You also have to capture Harry Potter’s emotion though, as you’re moving the pieces, and all that. That was a very emotional game that they were playing there, so… We’re right on topic here.

[35:59] Yeah, yeah. The cool thing about that is because the models for speech recognition are so small - I think they’re like 46 megabytes for the acoustic model, and then the language model is, I think, really small, because the vocabulary is so small. So these things you can run just on your laptop. You can turn off the WiFi and just have it running locally.

And actually, right now, the last few weeks, there’s been a group of folks who are working with the Catalan language, who are adapting our speech recognition tools to make it work with WASM, so that it just runs in the browser, super-fast, everywhere. That’s just like a subset of our open source community, who just picked up the tools and are running with it.

And then for the speech synthesis side of things - honestly, one of the easiest places to interact with those models is on Hugging Face. We have a Hugging Face space, I think it’s coqui-AI… And you can just – the Gradio app is really nice, I have to admit… You just type in what you want to say, you click the language and the model you want, and then you get it. I don’t remember exactly how many languages we have for speech synthesis, but it’s growing. And after the Masakhane collaboration, it’s six more languages from Sub-Saharan Africa. So it’s pretty cool.

So I’m just wondering, as you’re doing some of these how – I’m going to kind of going back to when you were talking about how you were just thinking about this all the time, and you can’t really turn that off…

Voices in your head…

Exactly. Like, so many topics… What are the types of things that practitioners as opposed to the users need to be thinking about as the field at large is moving forward? Because we’ve asked these kinds of questions of ourselves, and 99% of everyone has the best of intentions, as do you. But how do we make sure that as we really move the state of the art forward in terms of having things like very, very genuine-sounding emotion, and different emotions rippling through this, how do we need to think about that in terms of the effect on the users? Because there’s some amazingly positive things, and potentially, if we screw up, for the very few bad actors out there, there could be negative things as well. So it directly affects kind of mental health, both positive and potentially negative, of the end user. So as someone who’s thinking about this all the time, how do you frame that? How do you frame moving the field forward in a positive and productive way?

So I think that I’m glad you brought this up, because it is a huge part of working in this technology. If you ignore it, you say, “I’m working in voice technology, and I’m just going to work in my bubble, and I’m not even going to care about the fact that somebody might be using our speech recognition for illegal surveillance”, right? Like, if you ignore that that is a possibility, you are doing yourself and also the community a disservice.

So there’s a lot with this… For one, I’d like to point – and hopefully, we can get maybe a link to this… There’s an issue on our GitHub for text to speech, which is an open discussion on ways of mitigating misuse of synthetic speech systems. And that started as kind of – actually, not an issue; it was as a GitHub discussion, I think. And it started as this kind of, “Hey, let’s throw some ideas together” and it just evolved, and now it’s just kind of a growing discussion.

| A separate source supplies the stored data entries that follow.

Lemma word_type_letter_count (q n : nat) (w w' : word q n) :
  word_type w = word_type w' -> letter_count w =1 letter_count w'.
Proof.
case: q w w' => [|q] w w' E a; first by case: a.
have E_low (b : 'I_q) : letter_count w (widen_ord (leqnSn q) b) =
                        letter_count w' (widen_ord (leqnSn q) b).
  move/ffunP/(_ b)/(congr1 val): E.
  by rewrite !ffunE /= !inordK ?ltnS ?letter_count_le.
case: (unliftP ord_max a) => [b ->|->].
  suff -> : lift ord_max b = widen_ord (leqnSn q) b by exact: E_low.
  by apply: val_inj; rewrite /= /bump leqNgt ltn_ord.
have := sum_letter_count w; have := sum_letter_count w'; rewrite !big_ord_recr /=.
rewrite (eq_bigr _ (fun b _ => E_low b)); set S := (\sum_(i < q) _)%N; lia.
Qed.

Lemma word_type_permw (q n : nat) (w w' : word q n) :
  word_type w = word_type w' -> exists s : 'S_n, w = permw s w'.
Proof.
move=> /word_type_letter_count E.
have : perm_eq [tuple w i | i < n] [tuple w' i | i < n].
  by apply/allP => a _; rewrite /= -!/(letter_count _ _) E.
case/tuple_permP => p /val_inj/(congr1 (fun t : n.-tuple _ => tnth t _)) Hp.
exists p^-1%g; apply/ffunP => i; rewrite ffunE invgK.
by move: (Hp i); rewrite !tnth_mktuple.
Qed.

Lemma Wl_block_type (R : realType) (q n l : nat) (y x x' : block q n l) :
  block_type x = block_type x' -> Wl R y x = Wl R y x'.
Proof.
move=> /ffunP E; apply: eq_bigr => s _.
move: (E s); rewrite !ffunE => /word_type_permw [p ->]; exact: PiCh_permw.
Qed.

Section SymmetricPowers.
Variable F : fieldType.

(* The k-th tensor powers of the rows of [G] are symmetric, hence live in a
   space of dimension 'C(k + T, k) indexed by sorted k-tuples. *)
Lemma tensor_power_dependence (T k m : nat) (G : 'I_m -> 'I_T.+1 -> F) :
  ('C(k + T, k) < m)%N ->
  exists2 c : 'I_m -> F, exists i, c i != 0 &
    forall f : {ffun 'I_k -> 'I_T.+1}, \sum_i c i * \prod_(s < k) G i (f s) = 0.
Proof.
rewrite -card_sorted_tuples.
set S := [set t : k.-tuple 'I_T.+1 | sorted leq (map val t)] => ltSm.
pose U : 'M[F]_(m, #|S|) :=
  \matrix_(i, s) \prod_(x <- (enum_val s : k.-tuple 'I_T.+1)) G i x.
have nzK : kermx U != 0.
  rewrite kermx_eq0 /row_free; apply: contraTneq (rank_leq_col U) => ->.
  by rewrite -ltnNge.
have [[r c0] /= nz_c0] : exists rc, kermx U rc.1 rc.2 != 0.
  apply/existsP; apply: contraNT nzK => /existsPn nz.
  by apply/eqP/matrixP => r c; rewrite [in RHS]mxE; move/negbNE/eqP: (nz (r, c)).
exists (kermx U r); first by exists c0.
have sorted_col (s : 'I_#|S|) : \sum_i kermx U r i * U i s = 0.
  by have := congr1 (fun A => fun_of_matrix A r s) (mulmx_ker U); rewrite !mxE.
move=> f; pose t := sort_tuple (fun x y : 'I_T.+1 => (x <= y)%N) [tuple f s | s < k].
have tS : t \in S.
  by rewrite inE sorted_map; apply: sort_sorted => x y; exact: leq_total.
apply: etrans (sorted_col (enum_rank_in tS t)); apply: eq_bigr => i _.
congr (_ * _); rewrite mxE enum_rankK_in // (perm_big [tuple f s | s < k]).
  by rewrite big_tuple; apply: eq_bigr => s _; rewrite tnth_mktuple.
by rewrite /= perm_sort.
Qed.

End SymmetricPowers.

Section SeparatedFamilies.
Variable F : realFieldType.

(* The row j with maximal |c j| cannot cancel its diagonal term. *)
Lemma power_dependence_bound (m k : nat) (a : 'I_m -> 'I_m -> F) (c : 'I_m -> F)
    (eps : F) (i0 : 'I_m) :
  c i0 != 0 -> 0 <= 1 - eps -> (forall i j, 0 <= a i j) ->
  (forall i, 1 - eps <= a i i) -> (forall i j, i != j -> a i j <= eps) ->
  (forall j, \sum_i c i * a i j ^+ k = 0) ->
  (1 - eps) ^+ k <= (m%:R - 1) * eps ^+ k.
Proof.
move=> nz_c0 eps1 a_ge0 a_diag a_off c_ker.
have [j _ c_max] := @arg_maxP _ _ _ i0 xpredT (fun i => `|c i|) isT.
have cj_gt0 : 0 < `|c j| by apply: lt_le_trans (c_max i0 isT); rewrite normr_gt0.
move/eqP: (c_ker j); rewrite (bigD1 j) //= addr_eq0 => /eqP c_diag.
rewrite -(ler_pM2l cj_gt0).
apply: le_trans (_ : `|c j * a j j ^+ k| <= _).
  rewrite normrM ler_pM2l // ger0_norm ?exprn_ge0 //.
  by apply: lerXn2r; rewrite ?nnegrE.
rewrite c_diag normrN; apply: le_trans (ler_norm_sum _ _ _) _.
apply: le_trans (_ : \sum_(i | i != j) `|c j| * eps ^+ k <= _).
  apply: ler_sum => i ij; rewrite normrM ler_pM ?normr_ge0 //; first exact: c_max.
  rewrite normrX ger0_norm //; apply: lerXn2r; rewrite ?nnegrE ?a_off //.
  exact: le_trans (a_off i j ij).
have m_gt0 : (0 < m)%N := leq_ltn_trans (leq0n j) (ltn_ord j).
have pred_m : (m.-1%:R : F) = m%:R - 1 by rewrite -[in RHS](prednK m_gt0) -natr1 addrK.
by rewrite sumr_const cardC1 card_ord -pred_m mulr_natl mulrnAr.
Qed.

Lemma separated_family_card (T k m : nat) (P h : 'I_m -> 'I_T -> F) (eps : F) :
  (0 < T)%N -> (forall i t, 0 <= P i t) -> (forall j t, 0 <= h j t) ->
  (forall i, 1 - eps <= \sum_t P i t * h i t) ->
  (forall i j, i != j -> \sum_t P i t * h j t <= eps) ->
  0 <= 1 - eps -> (m%:R - 1) * eps ^+ k < (1 - eps) ^+ k ->
  (m <= 'C(k + T.-1, k))%N.
Proof.
case: T P h => // T P h _ P_ge0 h_ge0 P_diag P_off eps1.
apply: contraTleq => /(tensor_power_dependence P) [c [i0 nz_c0] c_ker].
rewrite -leNgt.
apply: (power_dependence_bound (a := fun i j => \sum_t P i t * h j t) nz_c0) => //.
  by move=> i j; apply: sumr_ge0 => t _; rewrite mulr_ge0.
move=> j.
have expand i : (\sum_t P i t * h j t) ^+ k =
    \sum_(f : {ffun 'I_k -> 'I_T.+1}) (\prod_(s < k) P i (f s)) * \prod_(s < k) h j (f s).
  rewrite -[k in LHS]card_ord -prodr_const bigA_distr_bigA.
  by apply: eq_bigr => f _; rewrite -big_split.
under eq_bigr do rewrite expand big_distrr.
rewrite exchange_big big1 //= => f _.
rewrite -[RHS](mul0r (\prod_(s < k) h j (f s))) -[X in X * _](c_ker f) big_distrl.
by apply: eq_bigr => i _; rewrite mulrA.
Qed.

And I think being open, having these conversations openly is really important, because we’ve got some feedback… There were ideas that came from the people in the community that I’d never even thought of. There’s watermarking audio, which is kind of obvious… But there’s whole layers of that.

[40:04] And then there was somebody who’s doing their master’s thesis on this in particular, and they weighed in… So I think that one first step is to not brush it off, to think about what kinds of misuse is possible… Because there’s so many different kinds, and if you lump them all together, then it becomes too kind of hard of a problem, and it can just kind of lock up; you get brain freeze, or however you want to call it.

But I like to think about kinds of misuse as basically two major groups. There’s people who will misuse technology accidentally, where they don’t think they’re doing something bad, but it just blows up… Which could happen very easily on social media. The Onion, as a satirical newspaper from the United States, famously – I don’t know, every other month there’s an article from The Onion that gets taken seriously by people who don’t know The Onion. And that can cause real harm, right? It can get people very upset, because they have a satirical headline, and it looks like a real news site, but it’s not.

And so that is an example of somebody who’s not – they’re not trying to spread fake news, but because people don’t know the context, because it’s just shared as a screenshot on social media, it loses all context, and it just snowballs into something that it was never intended to be. So there’s examples like that.

You can think of somebody who uses our voice cloning to make a clone of president Trump saying something and they share it on social media… And earlier, we had a voice cloning demo which was – you didn’t need to sign up to have an account to do it. So anybody could do it. And what we did then, because anybody could do it without having us know who they were, we put basically a watermark, a very audible watermark in the background, which is background music. I mean, it’s like a very low-hanging fruit, but anybody listening to it would not think, “Oh, this is an actual recording, a secret recording of Trump in the Oval Office.”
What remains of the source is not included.